Google has come under fire from the US law enforcement for allegedly endangering officers' lives with its traffic app, which allows users to tag the location of police.
US police confront tech company over 'cop-tracking' app
With over 50 million users worldwide, Waze is the world's largest community-based traffic app, which uses GPS and social networking to alert drivers to traffic jams, accidents and even potholes.
With over 50 million users worldwide, Waze is the world's largest community-based traffic app, which uses GPS and social networking to alert drivers to traffic jams, accidents and even potholes.
In 2013, the app was bought by Google for $966 million.
Many drivers in the US consider the app as an essential for getting around as quickly and conveniently as possible: something which can involve knowing where police are.
Users drop a pin on the Waze map to show where they've cited law enforcement, supposedly prompting users to drive more carefully.

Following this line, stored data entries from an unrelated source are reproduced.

Definition d_logit2 (P : probability X R) (f f' : X -> 'rV[R]_m) (g g' : Y -> 'rV[R]_m)
  : \bar R :=
  (\int[P]_x (\sum_(y : Y) (logit f g x y - logit f' g' x y) ^+ 2)%:E)%E.

Definition KL_at (f f' : X -> 'rV[R]_m) (g g' : Y -> 'rV[R]_m) (x : X) : R :=
  \sum_(y : Y) pmodel f g x y * ln (pmodel f g x y / pmodel f' g' x y).

Definition d_KL (P : probability X R) (f f' : X -> 'rV[R]_m) (g g' : Y -> 'rV[R]_m)
  : \bar R :=
  (\int[P]_x (KL_at f f' g g' x)%:E)%E.

Definition lower_bounded (P : probability X R) (f : X -> 'rV[R]_m) (g : Y -> 'rV[R]_m)
  (tau : R) : Prop :=
  {ae P, forall x, forall y : Y, tau <= pmodel f g x y}.

End Defs.

From HB Require Import structures.
From mathcomp Require Import all_boot all_order all_algebra.
From mathcomp Require Import all_classical all_reals all_analysis.
From mathcomp Require Import ring lra measurable_realfun.
Import Order.TTheory GRing.Theory Num.Theory.
Local Open Scope ring_scope.

(* Write d = u - u' for the logit vectors at a point x and p = softmax u. Then
   KL(p || softmax u') = E_p[d - a] + ln E_p[exp(-(d - a))] for every constant a; taking
   a = min d puts d - a in [0, r] with r = max d - min d, and a Hoeffding-type bound gives
   KL <= r^2/4 <= (1/2) sum_y d_y^2.  Conversely KL = E_p[phi(w)] with w = ln(p/p') and
   phi(w) = exp(-w) - 1 + w >= w^2/(4 L^2) on [-L, L].  For tau-lower bounded models
   |w| <= L := -ln tau, and L >= 1 since tau < 1/3 < 1/e.  Finally w = d - c for a constant
   c and sum_y d_y = 0 by the normalization of g and g', so sum_y w_y^2 >= sum_y d_y^2.
   Integrating these pointwise bounds over x gives the theorem. *)

Section ExpLnInequalities.
Context {R : realType}.
Implicit Types q r s w x : R.

Lemma expRN_le_chord s r : 0 <= s <= r ->
  expR (- s) <= 1 - s / r * (1 - expR (- r)).
Proof.
move=> /andP[s0 sr].
have [r0|rn0] := eqVneq r 0.
  have -> : s = 0 by apply/le_anti; rewrite s0 -r0 sr.
  by rewrite oppr0 expR0 !mul0r subr0.
have r_gt0 : 0 < r by rewrite lt0r rn0 (le_trans s0 sr).
have t0 : 0 <= s / r by rewrite divr_ge0 // ltW.
have t1 : s / r <= 1 by rewrite ler_pdivrMr // mul1r.
have : expR (s / r * - r + (1 - s / r) * 0) <=
    s / r * expR (- r) + (1 - s / r) * expR 0 := @convex_expR R (Itv01 t0 t1) (- r) 0.
rewrite expR0 mulr0 addr0 mulr1 mulrN divfK // => conv.
by apply: (le_trans conv); lra.
Qed.

Lemma bernoulli_mgf_deriv_le q x : 0 <= q <= 1 -> 0 <= x ->
  q * (1 - q) * (1 - expR (- x)) <= x / 2 * (1 - q + q * expR (- x)).
Proof.
move=> /andP[q0 q1] x0.
have e0 : 0 < expR (- x) by apply: expR_gt0.
have e1 : expR (- x) <= 1 by rewrite expR_le1 oppr_le0.
have [x2|x2] := leP 2 x.
  have h0 : 0 <= (1 - q) * (1 - q * (1 - expR (- x))).
    by apply: mulr_ge0; nra.
  have h1 : 0 <= (x / 2 - 1) * (1 - q) by apply: mulr_ge0; lra.
  have h2 : 0 <= x / 2 * (q * expR (- x)) by apply: mulr_ge0; nra.
  nra.
(* For x < 2 write exp(-x) = mu^4 with mu = exp(-x/4) in [1/2, 1]; both sides are then
   polynomials in mu, compared through 1 - mu <= x/4. *)
set mu := expR (- (x / 4)).
have -> : expR (- x) = mu ^+ 4 by rewrite /mu -expRM_natr; congr expR; lra.
have mu_ge : 1 - x / 4 <= mu by have := expR_ge1Dx (- (x / 4)); rewrite /mu; lra.
have mu_le1 : mu <= 1 by rewrite /mu expR_le1; lra.
have hA : 1 - mu ^+ 4 <= 2 * x * mu ^+ 2.
  have mu_ge_half : 1 / 2 <= mu by lra.
  have hB : (1 + mu) * (1 + mu ^+ 2) <= 8 * mu ^+ 2.
    have h1 : 0 <= (mu - 1/2) * (1 - mu) by apply: mulr_ge0; lra.
    have h2 : 0 <= (mu - 1/2) * mu by apply: mulr_ge0; lra.
    nra.
  have -> : 1 - mu ^+ 4 = (1 - mu) * ((1 + mu) * (1 + mu ^+ 2)) by ring.
  nra.
have hC : 4 * mu ^+ 2 * (q * (1 - q)) <= 1 - q + q * mu ^+ 4.
  rewrite -subr_ge0.
  have -> : 1 - q + q * mu ^+ 4 - 4 * mu ^+ 2 * (q * (1 - q)) =
     ((1 - q) - q * mu ^+ 2) ^+ 2 + q * (1 - q) * (1 - mu ^+ 2) ^+ 2 by ring.
  apply: addr_ge0; first exact: sqr_ge0.
  by apply: mulr_ge0; [nra | exact: sqr_ge0].
have hq : 0 <= q * (1 - q) by nra.
have := ler_wpM2l hq hA.
nra.
Qed.

(* G(x) = q x + ln(1 - q + q e^-x) - x^2/4 vanishes at 0 and is nonincreasing: clearing
   the positive denominator, G' <= 0 is bernoulli_mgf_deriv_le. *)
Lemma bernoulli_log_mgf_le q r : 0 <= q <= 1 -> 0 <= r ->
  q * r + ln (1 - q + q * expR (- r)) <= r ^+ 2 / 4.
Proof.
move=> q01 r0; have /andP[q0 q1] := q01.
pose h x := 1 - q + q * expR (- x).
have h_gt0 x : 0 < h x.
  rewrite /h; have := expR_gt0 (- x).
  have [->|q_neq1] := eqVneq q 1; first by rewrite subrr add0r mul1r.
  have : q < 1 by rewrite lt_neqAle q_neq1 q1.
  nra.
pose G x := q * x + ln (h x) - x ^+ 2 / 4.
have dh x : is_derive x (1 : R) h (- (q * expR (- x))).
  by rewrite /h; apply: is_derive_eq; rewrite add0r mul1r mulrN1 /GRing.scale /= mulrN.
have dG x : is_derive x (1 : R) G (q - q * expR (- x) / h x - x / 2).
  have dlnh := is_derive1_comp (is_derive1_ln (h_gt0 x)) (dh x).
  rewrite /G; apply: is_derive_eq.
  by rewrite /GRing.scale /=; field; rewrite gt_eqF.
suff : G r <= G 0.
  by rewrite /G /h oppr0 expR0 mulr1 subrK ln1 expr0n /= mul0r !mulr0 !subr0 addr0 subr_le0.
apply: (@ler0_derive1_nincry R G 0) => //.
- move=> x; rewrite in_itv /= andbT => x0.
  rewrite derive1E derive_val.
  have := bernoulli_mgf_deriv_le q x q01 (ltW x0).
  have hx := h_gt0 x; rewrite /h in hx * => deriv_le.
  rewrite -(@ler_pM2r _ (1 - q + q * expR (- x))) // mul0r !mulrBl divfK ?gt_eqF //.
  nra.
- by apply: derivable_within_continuous => x _; have [] := dG x.
Qed.

(* Hoeffding's lemma for [-s] with constant 1/4 instead of the optimal 1/8: by convexity
   E exp(-s) is at most the value for the two-point law on {0, r} with the same mean. *)
Lemma hoeffding_log_mgf_le (I : finType) (p s : I -> R) r :
  (forall i, 0 <= p i) -> \sum_i p i = 1 -> (forall i, 0 <= s i <= r) ->
  \sum_i p i * s i + ln (\sum_i p i * expR (- s i)) <= r ^+ 2 / 4.
Proof.
move=> p0 p1 s0r.
set mean := \sum_i p i * s i; set mgf := \sum_i p i * expR (- s i).
have avg_le (a b : I -> R) : (forall i, a i <= b i) ->
    \sum_i p i * a i <= \sum_i p i * b i.
  by move=> ab; apply: ler_sum => i _; apply: ler_wpM2l.
have avg_cst c : \sum_i p i * c = c by rewrite -mulr_suml p1 mul1r.
have mean_ge0 : 0 <= mean.
  by apply: sumr_ge0 => i _; apply: mulr_ge0 => //; case/andP: (s0r i).
have mean_le : mean <= r.
  by rewrite -[leRHS]avg_cst; apply: avg_le => i; case/andP: (s0r i).
have mgf_gt0 : 0 < mgf.
  apply: (lt_le_trans (expR_gt0 (- r))); rewrite -[leLHS]avg_cst; apply: avg_le => i.
  by rewrite ler_expR lerN2; case/andP: (s0r i).
have mgf_le : mgf <= 1 - mean / r * (1 - expR (- r)).
  apply: (le_trans (avg_le _ _ (fun i => expRN_le_chord (s i) r (s0r i)))).
  under eq_bigr => i _ do rewrite mulrBr mulr1 !mulrA.
  by rewrite sumrB p1 -!mulr_suml.
have [r0|r_neq0] := eqVneq r 0.
  have -> : mean = 0 by apply/le_anti; rewrite mean_ge0 -r0 mean_le.
  rewrite r0 expr0n /= mul0r add0r ln_le0 //.
  by move: mgf_le; rewrite r0 invr0 mulr0 mul0r subr0.
have r_gt0 : 0 < r by rewrite lt0r r_neq0 (le_trans mean_ge0).
set q := mean / r.
have q01 : 0 <= q <= 1 by rewrite /q divr_ge0 ?(ltW r_gt0) // ler_pdivrMr // mul1r.
have -> : mean = q * r by rewrite /q divfK.
have : ln mgf <= ln (1 - q + q * expR (- r)).
  have -> : 1 - q + q * expR (- r) = 1 - q * (1 - expR (- r)) by ring.
  by rewrite ler_ln ?posrE ?(lt_le_trans mgf_gt0).
have := bernoulli_log_mgf_le q r q01 (ltW r_gt0).
lra.
Qed.

Lemma expR1_le3 : expR (1 : R) <= 3.
Proof.
have h1 : 7 / 8 <= expR (- (1 / 8) : R) by have := expR_ge1Dx (- (1 / 8) : R); lra.
have h2 : expR (1 / 8 : R) <= 8 / 7.
  have e_gt0 : 0 < expR (- (1 / 8) : R) by apply: expR_gt0.
  by rewrite -[leLHS]invrK -expRN -(@invf_div _ 7 8) lef_pV2 ?posrE //; lra.
have -> : expR (1 : R) = expR (1 / 8) ^+ 8 by rewrite -expRM_natl mul1r divff.
apply: (le_trans (y := (8 / 7) ^+ 8)).
  by apply: lerXn2r; rewrite ?nnegrE ?expR_ge0 //; lra.
by rewrite expr_div_n ler_pdivrMr ?exprn_gt0 // !exprS expr0; lra.
Qed.

Lemma expRN_sub1D_ge0 w : 0 <= expR (- w) - 1 + w.
Proof. by have := expR_ge1Dx (- w); lra. Qed.

Lemma sqr_div_le_expRN_sub1D L w : 1 <= L -> - L <= w <= L ->
  w ^+ 2 / (4 * L ^+ 2) <= expR (- w) - 1 + w.
Proof.
move=> L_ge1 /andP[wl wu].
rewrite ler_pdivrMr; last by nra.
have [w2|w2] := leP w 2; last by have := expR_gt0 (- w); nra.
have e_ge : (1 - w / 2) ^+ 2 <= expR (- w).
  have -> : expR (- w) = expR (- (w / 2)) ^+ 2 by rewrite -expRM_natr; congr expR; lra.
  by apply: lerXn2r; rewrite ?nnegrE ?expR_ge0; have := expR_ge1Dx (- (w / 2)); lra.
have : w ^+ 2 / 4 <= expR (- w) - 1 + w by nra.
have : 0 <= (L ^+ 2 - 1) * (expR (- w) - 1 + w).
  by apply: mulr_ge0; [nra | exact: expRN_sub1D_ge0].
lra.
Qed.

End ExpLnInequalities.

Section SumSquares.
Context {R : realType} {I : finType}.
Implicit Types d : I -> R.

Lemma sumr_sqr_le_shift d c : \sum_i d i = 0 ->
  \sum_i d i ^+ 2 <= \sum_i (d i - c) ^+ 2.
Proof.
move=> d0.
have -> : \sum_i (d i - c) ^+ 2 = \sum_i d i ^+ 2 + (\sum_(i : I) c ^+ 2 - 2 * c * \sum_i d i).
  by rewrite mulr_sumr -sumrB -big_split /=; apply: eq_bigr => i _; ring.
by rewrite d0 mulr0 subr0 lerDl; apply: sumr_ge0 => i _; exact: sqr_ge0.
Qed.

Lemma sqr_sub_le_sumr_sqr d i j : (d j - d i) ^+ 2 <= 2 * \sum_k d k ^+ 2.
Proof.
have sq_ge0 (P : pred I) : 0 <= \sum_(k | P k) d k ^+ 2.
  by apply: sumr_ge0 => k _; exact: sqr_ge0.
have [<-|ij] := eqVneq i j; first by rewrite subrr expr0n mulr_ge0.
have : d i ^+ 2 + d j ^+ 2 <= \sum_k d k ^+ 2.
  rewrite (bigD1 i) //= (bigD1 j) 1?eq_sym //= addrA lerDl; exact: sq_ge0.
have := sqr_ge0 (d i + d j).
nra.
Qed.

End SumSquares.

Section Softmax.
Context {R : realType} {Y : finType}.
Implicit Types u v : Y -> R.

Definition sumexp u : R := \sum_y expR (u y).

Definition softmax u y : R := expR (u y) / sumexp u.

Definition kl_softmax u v : R :=
  \sum_y softmax u y * ln (softmax u y / softmax v y).

Lemma sumexp_gt0 (y : Y) u : 0 < sumexp u.
Proof.
apply: (lt_le_trans (expR_gt0 (u y))).
by rewrite /sumexp (bigD1 y) //= lerDl; apply: sumr_ge0 => z _; exact: expR_ge0.
Qed.

Lemma softmax_gt0 u y : 0 < softmax u y.
Proof. by rewrite divr_gt0 ?expR_gt0 ?(sumexp_gt0 y). Qed.

Lemma softmaxE u y : softmax u y = expR (u y - ln (sumexp u)).
Proof. by rewrite expRD expRN lnK // posrE (sumexp_gt0 y). Qed.

Lemma sum_softmax (y0 : Y) u : \sum_y softmax u y = 1.
Proof. by rewrite -mulr_suml divff // gt_eqF // (sumexp_gt0 y0). Qed.

Lemma softmax_le1 u y : softmax u y <= 1.
Proof.
rewrite -(sum_softmax y u) (bigD1 y) //= lerDl.
by apply: sumr_ge0 => z _; exact/ltW/softmax_gt0.
Qed.

Lemma ln_softmax_div u v y : ln (softmax u y / softmax v y) =
  u y - v y - (ln (sumexp u) - ln (sumexp v)).
Proof. by rewrite ln_div ?posrE ?softmax_gt0 // !softmaxE !expRK; ring. Qed.

Lemma kl_softmaxE u v : kl_softmax u v =
  \sum_y expR (u y - ln (sumexp u)) * (u y - v y - (ln (sumexp u) - ln (sumexp v))).
Proof. by apply: eq_bigr => y _; rewrite ln_softmax_div softmaxE. Qed.

Lemma kl_softmax_shift (y0 : Y) u v a : kl_softmax u v =
  \sum_y softmax u y * (u y - v y - a) +
  ln (\sum_y softmax u y * expR (- (u y - v y - a))).
Proof.
set c := ln (sumexp u) - ln (sumexp v).
have mgfE : \sum_y softmax u y * expR (- (u y - v y - a)) = expR (a - c).
  rewrite -[RHS]mul1r -(sum_softmax y0 v) mulr_suml; apply: eq_bigr => y _.
  by rewrite !softmaxE -!expRD; congr expR; rewrite /c; ring.
have avgE b : \sum_y softmax u y * (u y - v y - b) =
    \sum_y softmax u y * (u y - v y) - b.
  under eq_bigr => y _ do rewrite mulrBr.
  by rewrite sumrB -mulr_suml (sum_softmax y0) mul1r.
rewrite mgfE expRK /kl_softmax.
under eq_bigr => y _ do rewrite ln_softmax_div -/c.
rewrite !avgE; ring.
Qed.

Lemma kl_softmax_sum_expRN (y0 : Y) u v : kl_softmax u v =
  \sum_y softmax u y * (expR (- ln (softmax u y / softmax v y)) - 1 +
                         ln (softmax u y / softmax v y)).
Proof.
have termE y : softmax u y * (expR (- ln (softmax u y / softmax v y)) - 1 +
      ln (softmax u y / softmax v y)) =
    softmax v y - softmax u y + softmax u y * ln (softmax u y / softmax v y).
  rewrite mulrDr mulrBr mulr1; congr (_ - _ + _).
  by rewrite ln_softmax_div !softmaxE -expRD; congr expR; ring.
rewrite (eq_bigr _ (fun y _ => termE y)) big_split big_split /= sumrN.
by rewrite !(sum_softmax y0) subrr add0r.
Qed.

Lemma kl_softmax_ge0 u v : 0 <= kl_softmax u v.
Proof.
have [y0 _|Y0] := pickP (@predT Y); last by rewrite /kl_softmax big_pred0.
rewrite (kl_softmax_sum_expRN y0); apply: sumr_ge0 => y _.
by apply: mulr_ge0; [exact/ltW/softmax_gt0 | exact: expRN_sub1D_ge0].
Qed.

Lemma kl_softmax_le u v : 2 * kl_softmax u v <= \sum_y (u y - v y) ^+ 2.
Proof.
have [y0 _|Y0] := pickP (@predT Y); last by rewrite /kl_softmax !big_pred0 // mulr0.
pose d y := u y - v y.
have [y1 _ d_min] := @arg_minP _ R Y y0 predT d isT.
have [y2 _ d_max] := @arg_maxP _ R Y y0 predT d isT.
have s_range y : 0 <= d y - d y1 <= d y2 - d y1.
  by rewrite subr_ge0 lerD2r d_min //; exact: d_max.
have := hoeffding_log_mgf_le _ _ _ _ (fun y => ltW (softmax_gt0 u y)) (sum_softmax y0 u) s_range.
rewrite -(kl_softmax_shift y0).
have := sqr_sub_le_sumr_sqr d y1 y2.
lra.
Qed.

Supporters of the scheme say it encourages safer driving.
But for the past month, police have been campaigning for Google to disable it.
In an open letter to Google CEO, Larry Page, last December, Los Angeles Police Department Chief, Charlie Beck, warned that the app poses a danger to the lives of police officers.
"I am concerned about the safety of law enforcement officers and the community, and the potential for your Waze product to be misused by those with criminal intent to endanger police officers and the community," Beck wrote.
He cited the deaths of New York patrol officers Wenjian Liu and Rafael Ramos, whose assassin, Ismaaiyl Brinsley, allegedly used the app to "track the location of police" before shooting the partners dead on a busy Brooklyn street on December 20.
For weeks before the shooting, Brinsley had posted anti-police messages on his Instagram account, threatening to avenge the 2014 police deaths of Michael Brown and Eric Garner by killing police officers.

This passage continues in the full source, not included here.